Three tornadoes have been confirmed in eastern Kentucky and West Virginia from recent storms, the National Weather Service said Tuesday.
After sending a team Tuesday to survey damage reports from Monday’s thunderstorms, the weather service determined an EF-2 tornado with maximum winds of 120 mph touched down near Louisa, Kentucky. The tornado traveled about 2.5 miles, said meteorologist Michael Charnick in Charleston.
Lawrence County Emergency Management Director Michael Woods had said a Wal-Mart store roof sustained damage, several vehicles were overturned and some minor injuries were reported Monday.
Store Manager Marty Bishop said more than 50 employees and customers were inside when the storm hit.
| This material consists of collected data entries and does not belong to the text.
Local Notation extended :=
  (flatten [seq [seq (s.1, rcons s.2 q) | q <- P i.+1 & meetp (lastp s) q] | s <- alive]).

Local Notation fresh :=
  [seq (i.+1, [:: q]) | q <- P i.+1 & ~~ has (fun s => meetp (lastp s) q) alive].

Lemma mem_extended a L q :
  (a, rcons L q) \in extended <->
  [/\ (a, L) \in alive, q \in P i.+1 & meetp (last x0 L) q].
Proof.
split=> [/flattenP[_ /mapP[[b L'] mem_s ->]] | [mem_s hq meet_q]].
  case/mapP=> q'; rewrite mem_filter => /andP[meet_q' hq'] [-> /rcons_inj[-> ->]].
  by split.
apply/flattenP; exists [seq (a, rcons L q') | q' <- P i.+1 & meetp (last x0 L) q'].
  exact: (map_f (fun s => [seq (s.1, rcons s.2 q') | q' <- P i.+1 & meetp (lastp s) q']) mem_s).
by apply: map_f; rewrite mem_filter meet_q hq.
Qed.

Lemma nil_notin_extended a : (a, [::]) \notin extended.
Proof. by apply/flattenP=> -[_ /mapP[s _ ->] /mapP[q _ []]]; case: s.2. Qed.

Lemma no_alive_meetE q :
  ~~ has (fun s => meetp (lastp s) q) alive <-> left_maximal i.+1 [:: q].
Proof.
have [alive_spec _ cover] := inv.
split=> [/hasPn no_meet i_gt0 q' /(cover i_gt0)/mapP[s mem_s ->] | lmax].
  exact: no_meet.
apply/hasPn=> -[a L] /alive_spec alive_L; rewrite /lastp /=.
have i_gt0 : (1 < i.+1)%N by case: alive_L => /feasible_size_gt1 + _ size_L; rewrite size_L.
exact: lmax i_gt0 _ (alive_seq_last _ _ _ alive_L).
Qed.

Lemma mem_fresh a q : (a, [:: q]) \in fresh <-> alive_seq i.+1 a [:: q].
Proof.
rewrite alive_seq_single; split=> [/mapP[q'] | [-> hq lmax]].
  by rewrite mem_filter => /andP[/no_alive_meetE lmax hq'] [-> ->].
by apply: (map_f (fun q' => (i.+1, [:: q']))); rewrite mem_filter hq andbT; apply/no_alive_meetE.
Qed.

Lemma alive_step a L : (a, L) \in extended ++ fresh <-> alive_seq i.+1 a L.
Proof.
have [alive_spec _ _] := inv.
rewrite mem_cat; case/lastP: L => [|L q].
  by rewrite (negbTE (nil_notin_extended _)) /=; split=> [/mapP[? _ []] | [[]]].
have [-> | L_nil] := eqVneq L [::].
  rewrite -mem_fresh; split=> [/orP[/(mem_extended _ [::])[/alive_spec[[]]] //|] // | ->].
  exact: orbT.
rewrite alive_seq_rcons //; split=> [/orP[/mem_extended[/alive_spec] //|] | [alive_L hq meet_q]].
  by case/mapP=> q' _ [_ /(congr1 size)]; rewrite size_rcons; case: L L_nil.
by apply/orP; left; apply/mem_extended; split=> //; apply/alive_spec.
Qed.

Lemma dead_step a L :
  (a, L) \in dead ++ [seq s <- alive | ~~ has (meetp (lastp s)) (P i.+1)] <->
  dead_seq i.+1 a L.
Proof.
have [alive_spec dead_spec _] := inv.
rewrite mem_cat mem_filter /dead_seq; split.
  case/orP=> [/dead_spec[feasL lmax rmax size_L] | /andP[/hasPn no_ext /alive_spec]].
    by split=> //; apply: leqW.
  by case=> feasL lmax size_L; split=> //; [move=> q; rewrite size_L => /no_ext | rewrite size_L].
case=> feasL lmax rmax; rewrite leq_eqVlt => /orP[/eqP size_L | size_L]; last first.
  by apply/orP; left; apply/dead_spec.
apply/orP; right; apply/andP; split; last by apply/alive_spec.
by apply/hasPn=> q hq; apply: rmax; rewrite size_L.
Qed.
Lemma diag_entry_staircase a : sorted geq a -> all (fun x => 0 < x) a ->
  exists t, [/\ forall k, k <= t -> diag_entry a k = k,
    forall k, diag_entry a k <= t &
    forall x y, t < x -> x <= y -> diag_entry a y <= diag_entry a x].
Proof.
move=> a_sorted a_pos.
have ex_short : exists k, diag_entry a k.+1 < k.+1.
  by exists (sumn a); rewrite diag_entry_eq0.
have [t lt_dt t_min] := ex_minnP ex_short.
have short k : t < k -> diag_entry a k < k.
  elim: k => // k IH; rewrite ltnS leq_eqVlt => /orP [/eqP <- // | /IH lt_dk].
  by rewrite ltnS (leq_trans (diag_entry_succ a_sorted lt_dk)) // ltnW.
have d_noninc x y : t < x -> x <= y -> diag_entry a y <= diag_entry a x.
  move=> lt_tx /subnK <-; elim: (y - x) => // m IH; rewrite addSn.
  apply: leq_trans (diag_entry_succ a_sorted (short _ _)) IH.
  by rewrite (leq_trans lt_tx) ?leq_addl.
exists t; split=> // [[|k] le_kt | k] //.
  apply/eqP; rewrite eqn_leq diag_entry_le leqNgt; apply/negP => /t_min.
  by rewrite leqNgt le_kt.
have [le_kt | lt_tk] := leqP k t; first exact: leq_trans (diag_entry_le a k) le_kt.
exact: leq_trans (d_noninc _ _ (ltnSn t) lt_tk) lt_dt.
Qed.

Section DistinctParts.

Variable l : seq nat.
Hypothesis l_decr : sorted gtn l.

Lemma shifted_part_noninc i j : 0 < i <= j -> j <= size l ->
  shifted_part l j <= shifted_part l i.
Proof.
move=> /andP [i_gt0 le_ij]; rewrite -(subnK le_ij); elim: (j - i) => // m IH le_ml.
have part_decr : part l (m + i).+1 < part l (m + i).
  case: i i_gt0 le_ml {IH le_ij} => // i _ le_ml; rewrite addnS /part /=.
  by apply: (elimT (sortedP 0) l_decr); rewrite addSn addnS in le_ml.
apply: leq_trans (IH (ltnW le_ml)); rewrite /shifted_part addSn.
by move: part_decr; lia.
Qed.

Lemma leq_diag_entry j k : 0 < j ->
  (j <= diag_entry l k) = (j <= k) && (k <= shifted_part l j).
Proof.
move=> j_gt0; pose P i := k <= shifted_part l i.
have P_down x y : 1 <= x <= y -> y < 1 + k -> P y -> P x.
  move=> /andP [x_gt0 le_xy] lt_yk; rewrite /P.
  have [le_yl | lt_ly] := leqP y (size l).
    by move=> /leq_trans; apply; apply: shifted_part_noninc; rewrite ?x_gt0.
  by rewrite /shifted_part part_eq0 //; lia.
have [le_jk | lt_kj] := leqP j k; last first.
  by rewrite andFb; apply/negbTE; rewrite -ltnNge (leq_ltn_trans (diag_entry_le l k)).
by rewrite andTb -/(P j) (count_iota_downward P_down) ?j_gt0 ?add1n ?ltnS.
Qed.

Lemma part_count_diag_entry j M : 0 < j -> shifted_part l j <= M ->
  part l j = count (fun k => j <= diag_entry l k) (iota 1 M).
Proof.
move=> j_gt0 le_jM; rewrite (eq_count (fun k => leq_diag_entry k j_gt0)).
by rewrite count_iota_interval // (minn_idPl le_jM) /shifted_part; lia.
Qed.

End DistinctParts.
Definition loops n w s := n_comp (smgraph n w s) predT.

(* The counting half of [adjunction_n_comp], with the adjunction spelled out. *)
Lemma n_comp_transfer (T T' : finType) (e : rel T) (e' : rel T')
    (h : T' -> T) (h' : T -> T') (a : {pred T}) :
  symmetric e -> symmetric e' -> closed e a -> (forall x', h x' \in a) ->
  (forall x, x \in a -> connect e x (h (h' x))) ->
  (forall x y, x \in a -> y \in a -> e x y -> connect e' (h' x) (h' y)) ->
  (forall x', connect e' x' (h' (h x'))) ->
  (forall x' y', e' x' y' -> connect e (h x') (h y')) ->
  n_comp e a = n_comp e' predT.
Proof.
move=> se se' cla ha hh' h'_conn h'h h_conn.
have sce := sym_connect_sym se; have sce' := sym_connect_sym se'.
rewrite (adjunction_n_comp h sce sce' cla); last first.
  apply: (@intro_adjunction _ _ h e e' sce' a cla (fun x _ => h' x)).
  - by move=> x ax; split; [exact: hh' | move=> y ay; exact: h'_conn].
  - by move=> x' _; split; [exact: h'h | exact: h_conn].
by apply: eq_n_comp_r => x; rewrite !inE ha.
Qed.

Section Linked.
Variables (n : nat) (w : seq letter) (s : seq bool).

Definition vtx t p : 'I_(size w).+1 * 'I_n.+1 := (inord t, inord p).
Definition linked t p t' p' := connect (smgraph n.+1 w s) (vtx t p) (vtx t' p').

Lemma vtxK (x : 'I_(size w).+1 * 'I_n.+1) : vtx x.1 x.2 = x.
Proof. by case: x => a b; rewrite /vtx !inord_val. Qed.

Lemma smgraph_sym : symmetric (smgraph n.+1 w s).
Proof. by move=> x y; rewrite /smgraph orbC. Qed.

Lemma linked_arc t p t' p' : t <= size w -> p <= n -> t' <= size w -> p' <= n ->
  smarc w s t p t' p' -> linked t p t' p'.
Proof.
move=> ht hp ht' hp' he; apply: connect1.
by rewrite /smgraph /vtx /= !inordK ?ltnS // he.
Qed.

Lemma linked_sym t p t' p' : linked t p t' p' -> linked t' p' t p.
Proof. by rewrite /linked (sym_connect_sym smgraph_sym). Qed.

Lemma linked_trans t p t1 p1 t' p' :
  linked t p t1 p1 -> linked t1 p1 t' p' -> linked t p t' p'.
Proof. exact: connect_trans. Qed.

Lemma linked_refl t p : linked t p t p.
Proof. exact: connect0. Qed.

Lemma linked_closure p : p <= n -> linked (size w) p 0 p.
Proof. by move=> hp; apply: linked_arc => //; rewrite /smarc !eqxx. Qed.

Lemma linked_vert t p : t < size w -> p <= n ->
  ~~ (hor_seq w s t && Defs.inv w t p) -> linked t p t.+1 p.
Proof.
move=> ht hp hv; apply: linked_arc => //; first exact: ltnW.
by rewrite /smarc !eqxx hv /= orbT.
Qed.

Lemma hor_seq_lt t : hor_seq w s t -> t < size w.
Proof. by case/andP. Qed.

Lemma linked_cup t p p' : p <= n -> p' <= n -> hor_seq w s t ->
  Defs.inv w t p -> Defs.inv w t p' -> p != p' -> linked t p t p'.
Proof.
move=> hp hp' hh h1 h2 h3; have ht := ltnW (hor_seq_lt hh).
by apply: linked_arc => //; rewrite /smarc hh h1 h2 h3 eqxx /= !orbT.
Qed.

Lemma linked_cap c p p' : p <= n -> p' <= n -> hor_seq w s c ->
  Defs.inv w c p -> Defs.inv w c p' -> p != p' -> linked c.+1 p c.+1 p'.
Proof.
move=> hp hp' hh h1 h2 h3; have ht := hor_seq_lt hh.
by apply: linked_arc => //; rewrite /smarc /= hh h1 h2 h3 eqxx /= !orbT.
Qed.

Variant smarc_spec t p t' p' : Prop :=
| SmarcClosure of t = size w & t' = 0 & p' = p
| SmarcVert of t' = t.+1 & p' = p & ~~ (hor_seq w s t && Defs.inv w t p)
| SmarcCup of t' = t & hor_seq w s t & Defs.inv w t p & Defs.inv w t p' & p != p'
| SmarcCap c of t = c.+1 & t' = c.+1 & hor_seq w s c & Defs.inv w c p
    & Defs.inv w c p' & p != p'.

Lemma smarcP t p t' p' : smarc w s t p t' p' -> smarc_spec t p t' p'.
Proof.
rewrite /smarc; case/or4P.
- by case/and3P => /eqP -> /eqP -> /eqP ->; apply: SmarcClosure.
- by case/and3P => /eqP -> /eqP -> ?; apply: SmarcVert.
- by case/and5P => /eqP -> *; apply: SmarcCup.
- case/and5P => /eqP -> ht h1 h2 /andP[h3 h4].
  by case: t ht h1 h2 h3 => // c _ *; apply: (@SmarcCap _ _ _ _ c).
Qed.

End Linked.

Lemma loops_transfer n w s w' s' (f g : nat -> nat) (a : nat -> nat -> bool) :
  (forall t, t <= size w' -> f t <= size w) ->
  (forall t, t <= size w -> g t <= size w') ->
  (forall t p t' p', t <= size w -> p <= n -> t' <= size w -> p' <= n ->
     smarc w s t p t' p' -> a t p = a t' p') ->
  (forall t p, t <= size w' -> p <= n -> a (f t) p) ->
  (forall t p, t <= size w -> p <= n -> a t p -> linked n w s t p (f (g t)) p) ->
  (forall t p t' p', t <= size w -> p <= n -> t' <= size w -> p' <= n ->
     a t p -> a t' p' -> smarc w s t p t' p' -> linked n w' s' (g t) p (g t') p') ->
  (forall t p, t <= size w' -> p <= n -> linked n w' s' t p (g (f t)) p) ->
  (forall t p t' p', t <= size w' -> p <= n -> t' <= size w' -> p' <= n ->
     smarc w' s' t p t' p' -> linked n w s (f t) p (f t') p') ->
  n_comp (smgraph n.+1 w s) [pred x : 'I_(size w).+1 * 'I_n.+1 | a x.1 x.2]
    = loops n.+1 w' s'.
Proof.
move=> hf hg hcl ha fg_conn g_conn gf_conn f_conn.
have bd (m : nat) (x : 'I_m.+1) : x <= m by rewrite -ltnS.
apply: (@n_comp_transfer _ _ _ _
  (fun x : 'I_(size w').+1 * 'I_n.+1 => vtx n w (f x.1) x.2)
  (fun x : 'I_(size w).+1 * 'I_n.+1 => vtx n w' (g x.1) x.2)).
- exact: smgraph_sym.
- exact: smgraph_sym.
- move=> x y; rewrite /smgraph !inE => /orP[] he; first by apply: hcl; rewrite ?bd.
  by apply/esym; apply: hcl; rewrite ?bd.
- move=> x; rewrite inE /vtx /= !inordK ?ltnS ?bd //; first by apply: ha; rewrite ?bd.
  by apply: hf; rewrite ?bd.
- move=> x ax /=; rewrite inord_val.
  have -> : (inord (g x.1) : 'I_(size w').+1) = g x.1 :> nat.
    by rewrite inordK // ltnS hg ?bd.
  by rewrite -{1}(vtxK x); apply: fg_conn; rewrite ?bd.
- move=> x y ax ay; rewrite inE in ax ay; rewrite /smgraph => /orP[] he.
    by apply: g_conn; rewrite ?bd.
  by apply: linked_sym; apply: g_conn; rewrite ?bd.
- move=> x /=; rewrite inord_val.
  have -> : (inord (f x.1) : 'I_(size w).+1) = f x.1 :> nat.
    by rewrite inordK // ltnS hf ?bd.
  by rewrite -{1}(vtxK x); apply: gf_conn; rewrite ?bd.
- move=> x y; rewrite /smgraph => /orP[] he; first by apply: f_conn; rewrite ?bd.
  by apply: linked_sym; apply: f_conn; rewrite ?bd.
Qed.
Media outlets report merchandise inside the store was tossed about.
“When you start moving 50-pound bags of potting soil into the air and overturning vehicles, it’s a pretty serious wind,” Louisa Mayor Harold Slone said.
The weather service also confirmed an EF-1 tornado touched down near Brodhead in Rockcastle County, Kentucky, around 4:30 p.m. Monday. It carried peak winds of 90 mph and a maximum width of 40 yards with a peak length of 0.17 mile.
Several trees were uprooted and cars moved. The weather service said one car was picked up and flipped over. No injuries were reported.
In Lincoln County, a thunderstorm ripped off a church steeple and tore shingles and siding off homes in the community of Yawkey.
“It was just a scary situation,” homeowner Ronald Brumfield said. “It was just white. I mean you couldn’t even hardly see. Then the trees, they just started going everywhere.”
Charnick said the weather service confirmed Yawkey was hit by an EF-0 tornado with winds of 85 mph. The twister traveled two-tenths of a mile.
A second team from the weather service surveyed storm damage in northern West Virginia and determined damage near Lost Creek in Harrison and Lewis counties was consistent with straight line winds associated with a microburst. The weather service said the damage indicated winds of 90 to 100 mph.
The storms came 11 days after devastating floods in West Virginia destroyed at least 1,500 homes, damaged 4,000 others, caused $36 million in damage to roads and killed at least 23 people.